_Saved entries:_
Segment Open

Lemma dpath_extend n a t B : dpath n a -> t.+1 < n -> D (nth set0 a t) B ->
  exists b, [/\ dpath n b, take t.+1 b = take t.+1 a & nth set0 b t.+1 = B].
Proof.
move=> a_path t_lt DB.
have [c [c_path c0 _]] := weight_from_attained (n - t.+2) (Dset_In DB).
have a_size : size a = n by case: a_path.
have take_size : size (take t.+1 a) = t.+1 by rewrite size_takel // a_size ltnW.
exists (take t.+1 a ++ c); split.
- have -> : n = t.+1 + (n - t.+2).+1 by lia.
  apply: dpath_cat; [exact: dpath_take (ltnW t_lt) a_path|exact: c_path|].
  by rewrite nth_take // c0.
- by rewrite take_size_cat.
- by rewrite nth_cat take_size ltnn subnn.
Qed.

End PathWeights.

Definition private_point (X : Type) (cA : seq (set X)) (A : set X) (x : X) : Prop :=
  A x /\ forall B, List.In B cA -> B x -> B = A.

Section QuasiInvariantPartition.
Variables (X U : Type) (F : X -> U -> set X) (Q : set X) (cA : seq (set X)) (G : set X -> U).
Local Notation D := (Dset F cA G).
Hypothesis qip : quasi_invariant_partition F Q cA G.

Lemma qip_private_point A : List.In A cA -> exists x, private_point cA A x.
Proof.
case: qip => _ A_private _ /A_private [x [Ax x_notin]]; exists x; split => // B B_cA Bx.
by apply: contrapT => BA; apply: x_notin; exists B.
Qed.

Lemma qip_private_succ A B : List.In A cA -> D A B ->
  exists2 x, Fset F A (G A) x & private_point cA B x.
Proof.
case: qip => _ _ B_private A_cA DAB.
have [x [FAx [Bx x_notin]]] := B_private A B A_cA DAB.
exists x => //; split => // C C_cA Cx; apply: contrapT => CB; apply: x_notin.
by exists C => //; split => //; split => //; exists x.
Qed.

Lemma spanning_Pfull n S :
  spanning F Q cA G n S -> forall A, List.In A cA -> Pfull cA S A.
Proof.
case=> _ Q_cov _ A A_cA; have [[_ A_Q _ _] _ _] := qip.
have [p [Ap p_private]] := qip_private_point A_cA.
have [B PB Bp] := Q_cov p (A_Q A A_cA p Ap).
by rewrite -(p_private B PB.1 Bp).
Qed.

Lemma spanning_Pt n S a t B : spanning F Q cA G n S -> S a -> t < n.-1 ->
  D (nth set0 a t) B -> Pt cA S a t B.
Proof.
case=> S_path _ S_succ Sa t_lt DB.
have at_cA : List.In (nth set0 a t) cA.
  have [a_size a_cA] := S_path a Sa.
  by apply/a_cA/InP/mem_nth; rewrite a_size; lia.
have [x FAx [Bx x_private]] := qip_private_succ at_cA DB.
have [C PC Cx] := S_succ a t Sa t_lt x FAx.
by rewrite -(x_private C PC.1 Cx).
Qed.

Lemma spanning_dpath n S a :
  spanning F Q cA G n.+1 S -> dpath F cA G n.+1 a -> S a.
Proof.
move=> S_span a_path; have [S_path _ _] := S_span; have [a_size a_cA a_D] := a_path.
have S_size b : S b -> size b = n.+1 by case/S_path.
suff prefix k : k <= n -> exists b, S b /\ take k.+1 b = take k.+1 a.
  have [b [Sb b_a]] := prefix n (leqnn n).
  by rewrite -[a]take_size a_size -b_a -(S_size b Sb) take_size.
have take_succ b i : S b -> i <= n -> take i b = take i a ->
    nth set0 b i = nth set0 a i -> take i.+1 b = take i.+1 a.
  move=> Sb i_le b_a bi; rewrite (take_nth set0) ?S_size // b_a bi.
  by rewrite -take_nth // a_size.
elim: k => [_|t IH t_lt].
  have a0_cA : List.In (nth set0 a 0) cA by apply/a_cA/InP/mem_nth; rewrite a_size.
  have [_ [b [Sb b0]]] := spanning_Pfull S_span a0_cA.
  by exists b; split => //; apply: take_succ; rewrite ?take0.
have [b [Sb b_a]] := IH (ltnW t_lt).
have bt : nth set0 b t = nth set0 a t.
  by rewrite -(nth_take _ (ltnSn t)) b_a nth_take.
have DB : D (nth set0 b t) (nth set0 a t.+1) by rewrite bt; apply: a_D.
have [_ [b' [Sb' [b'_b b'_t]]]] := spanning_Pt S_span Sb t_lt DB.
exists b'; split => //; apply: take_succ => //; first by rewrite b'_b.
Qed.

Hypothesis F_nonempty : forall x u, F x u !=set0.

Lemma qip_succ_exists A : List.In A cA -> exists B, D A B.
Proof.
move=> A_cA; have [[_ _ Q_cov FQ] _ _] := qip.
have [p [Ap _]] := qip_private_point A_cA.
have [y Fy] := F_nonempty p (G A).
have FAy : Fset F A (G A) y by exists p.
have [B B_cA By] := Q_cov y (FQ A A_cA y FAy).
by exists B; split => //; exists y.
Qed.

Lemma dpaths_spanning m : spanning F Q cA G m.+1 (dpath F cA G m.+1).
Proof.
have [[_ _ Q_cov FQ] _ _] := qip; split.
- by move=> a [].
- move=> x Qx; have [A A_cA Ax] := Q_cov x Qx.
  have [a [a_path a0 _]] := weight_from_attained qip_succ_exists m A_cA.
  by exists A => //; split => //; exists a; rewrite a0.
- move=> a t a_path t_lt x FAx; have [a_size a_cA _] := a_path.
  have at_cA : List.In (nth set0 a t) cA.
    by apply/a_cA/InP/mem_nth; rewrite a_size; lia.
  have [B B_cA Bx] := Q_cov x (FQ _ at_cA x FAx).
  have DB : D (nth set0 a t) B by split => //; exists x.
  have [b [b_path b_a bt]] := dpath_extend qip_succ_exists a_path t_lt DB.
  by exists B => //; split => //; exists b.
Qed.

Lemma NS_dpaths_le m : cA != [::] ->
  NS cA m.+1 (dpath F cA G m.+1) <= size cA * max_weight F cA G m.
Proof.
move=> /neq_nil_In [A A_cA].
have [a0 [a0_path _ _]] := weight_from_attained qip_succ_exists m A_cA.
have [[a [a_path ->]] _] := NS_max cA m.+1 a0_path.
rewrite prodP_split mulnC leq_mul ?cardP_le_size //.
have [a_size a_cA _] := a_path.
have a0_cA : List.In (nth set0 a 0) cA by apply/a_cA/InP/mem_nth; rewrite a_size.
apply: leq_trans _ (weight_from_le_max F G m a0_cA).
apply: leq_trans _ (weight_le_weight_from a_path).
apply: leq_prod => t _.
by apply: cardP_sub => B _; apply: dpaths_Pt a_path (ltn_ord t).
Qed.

Segment Closed
Segment Open

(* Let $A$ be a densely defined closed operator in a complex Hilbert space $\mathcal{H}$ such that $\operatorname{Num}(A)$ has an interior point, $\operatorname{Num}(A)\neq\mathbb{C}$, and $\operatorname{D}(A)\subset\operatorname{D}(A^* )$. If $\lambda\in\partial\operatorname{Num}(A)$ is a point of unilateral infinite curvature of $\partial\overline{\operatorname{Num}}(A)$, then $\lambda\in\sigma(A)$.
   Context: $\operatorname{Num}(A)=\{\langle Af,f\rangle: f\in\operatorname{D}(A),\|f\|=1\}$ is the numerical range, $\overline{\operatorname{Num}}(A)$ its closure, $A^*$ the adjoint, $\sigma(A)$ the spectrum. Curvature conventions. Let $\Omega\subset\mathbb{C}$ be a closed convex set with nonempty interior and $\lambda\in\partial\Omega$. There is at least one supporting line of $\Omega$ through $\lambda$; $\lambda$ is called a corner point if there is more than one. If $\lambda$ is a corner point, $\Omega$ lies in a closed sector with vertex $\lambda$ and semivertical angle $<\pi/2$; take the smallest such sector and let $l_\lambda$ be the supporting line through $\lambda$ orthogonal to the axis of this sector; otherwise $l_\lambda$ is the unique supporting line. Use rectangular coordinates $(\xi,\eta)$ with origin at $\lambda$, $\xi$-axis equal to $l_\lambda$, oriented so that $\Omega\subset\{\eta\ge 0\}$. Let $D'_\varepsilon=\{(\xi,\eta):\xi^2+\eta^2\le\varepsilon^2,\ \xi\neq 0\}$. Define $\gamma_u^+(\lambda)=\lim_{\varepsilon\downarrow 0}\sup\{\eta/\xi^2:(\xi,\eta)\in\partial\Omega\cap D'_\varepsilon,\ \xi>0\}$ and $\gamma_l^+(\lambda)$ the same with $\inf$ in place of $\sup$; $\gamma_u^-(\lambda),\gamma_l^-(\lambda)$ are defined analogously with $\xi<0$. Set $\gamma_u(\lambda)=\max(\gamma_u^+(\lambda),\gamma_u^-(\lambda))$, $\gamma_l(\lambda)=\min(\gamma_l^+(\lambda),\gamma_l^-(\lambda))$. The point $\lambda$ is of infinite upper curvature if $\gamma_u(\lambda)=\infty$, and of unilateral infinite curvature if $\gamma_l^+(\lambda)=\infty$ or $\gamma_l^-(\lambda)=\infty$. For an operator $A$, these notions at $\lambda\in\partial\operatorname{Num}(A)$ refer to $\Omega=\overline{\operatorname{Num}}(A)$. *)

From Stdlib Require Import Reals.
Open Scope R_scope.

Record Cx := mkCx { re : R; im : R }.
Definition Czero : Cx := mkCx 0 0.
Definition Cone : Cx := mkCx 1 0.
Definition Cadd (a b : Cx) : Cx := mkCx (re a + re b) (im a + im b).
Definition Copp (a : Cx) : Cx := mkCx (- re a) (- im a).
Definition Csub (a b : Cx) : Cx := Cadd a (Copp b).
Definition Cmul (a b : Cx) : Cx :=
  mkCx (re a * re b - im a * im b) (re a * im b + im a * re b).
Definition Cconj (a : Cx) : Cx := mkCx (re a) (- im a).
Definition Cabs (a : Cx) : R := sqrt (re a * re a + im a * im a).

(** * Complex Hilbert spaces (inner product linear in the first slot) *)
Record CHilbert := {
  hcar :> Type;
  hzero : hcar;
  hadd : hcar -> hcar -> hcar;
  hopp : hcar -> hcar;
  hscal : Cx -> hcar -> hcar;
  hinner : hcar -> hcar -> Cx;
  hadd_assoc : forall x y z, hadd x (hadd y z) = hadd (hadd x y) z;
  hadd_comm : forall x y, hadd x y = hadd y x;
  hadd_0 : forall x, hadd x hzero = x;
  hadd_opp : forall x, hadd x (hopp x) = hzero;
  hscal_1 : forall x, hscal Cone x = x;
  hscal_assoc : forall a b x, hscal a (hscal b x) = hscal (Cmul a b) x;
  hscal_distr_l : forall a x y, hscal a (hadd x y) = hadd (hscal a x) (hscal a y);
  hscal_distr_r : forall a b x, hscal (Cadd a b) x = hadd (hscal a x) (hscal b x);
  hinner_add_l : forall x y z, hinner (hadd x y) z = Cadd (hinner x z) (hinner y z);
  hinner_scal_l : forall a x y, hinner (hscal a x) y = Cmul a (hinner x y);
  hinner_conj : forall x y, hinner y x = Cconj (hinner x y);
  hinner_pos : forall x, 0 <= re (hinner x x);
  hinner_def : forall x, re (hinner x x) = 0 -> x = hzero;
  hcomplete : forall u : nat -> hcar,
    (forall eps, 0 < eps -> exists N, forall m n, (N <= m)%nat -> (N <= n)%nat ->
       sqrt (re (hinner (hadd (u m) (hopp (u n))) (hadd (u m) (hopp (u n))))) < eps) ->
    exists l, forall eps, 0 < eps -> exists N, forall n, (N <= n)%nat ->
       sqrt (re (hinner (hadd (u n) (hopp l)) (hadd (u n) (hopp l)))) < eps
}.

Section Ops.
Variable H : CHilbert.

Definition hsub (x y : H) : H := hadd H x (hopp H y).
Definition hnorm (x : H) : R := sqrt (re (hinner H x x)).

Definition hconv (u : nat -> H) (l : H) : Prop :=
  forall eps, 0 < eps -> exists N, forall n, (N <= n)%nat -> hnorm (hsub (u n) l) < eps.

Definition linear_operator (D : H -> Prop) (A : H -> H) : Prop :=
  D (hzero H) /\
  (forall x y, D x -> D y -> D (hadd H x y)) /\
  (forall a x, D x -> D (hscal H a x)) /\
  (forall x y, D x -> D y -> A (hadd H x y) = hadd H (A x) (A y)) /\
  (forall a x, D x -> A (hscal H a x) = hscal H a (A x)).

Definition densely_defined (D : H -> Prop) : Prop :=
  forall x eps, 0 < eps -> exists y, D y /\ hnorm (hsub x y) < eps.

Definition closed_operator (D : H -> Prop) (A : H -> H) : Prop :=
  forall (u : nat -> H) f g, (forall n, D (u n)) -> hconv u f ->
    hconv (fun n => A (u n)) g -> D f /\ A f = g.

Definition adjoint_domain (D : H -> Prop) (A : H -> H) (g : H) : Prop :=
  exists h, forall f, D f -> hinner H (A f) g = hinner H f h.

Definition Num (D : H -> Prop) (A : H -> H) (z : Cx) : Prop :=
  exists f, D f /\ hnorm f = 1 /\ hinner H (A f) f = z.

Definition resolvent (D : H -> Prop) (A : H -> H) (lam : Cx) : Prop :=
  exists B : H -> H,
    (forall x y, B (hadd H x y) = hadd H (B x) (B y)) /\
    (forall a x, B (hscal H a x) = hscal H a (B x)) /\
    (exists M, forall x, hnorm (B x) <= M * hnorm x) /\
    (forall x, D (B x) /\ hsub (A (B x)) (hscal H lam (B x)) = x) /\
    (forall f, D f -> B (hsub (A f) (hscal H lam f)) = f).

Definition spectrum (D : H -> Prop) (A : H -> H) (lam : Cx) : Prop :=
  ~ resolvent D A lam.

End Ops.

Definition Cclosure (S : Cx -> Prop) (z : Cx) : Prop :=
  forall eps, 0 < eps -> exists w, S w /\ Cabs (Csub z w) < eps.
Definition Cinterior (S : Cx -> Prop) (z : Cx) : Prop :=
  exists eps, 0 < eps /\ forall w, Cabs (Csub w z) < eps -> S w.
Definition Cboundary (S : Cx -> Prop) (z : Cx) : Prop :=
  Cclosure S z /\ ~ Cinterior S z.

Segment Closed

_Required action:_ Using the records above, report each line that contains the word "Cconj" by copying it.

_Solution:_
Definition Cconj (a : Cx) : Cx := mkCx (re a) (- im a).
  hinner_conj : forall x y, hinner y x = Cconj (hinner x y);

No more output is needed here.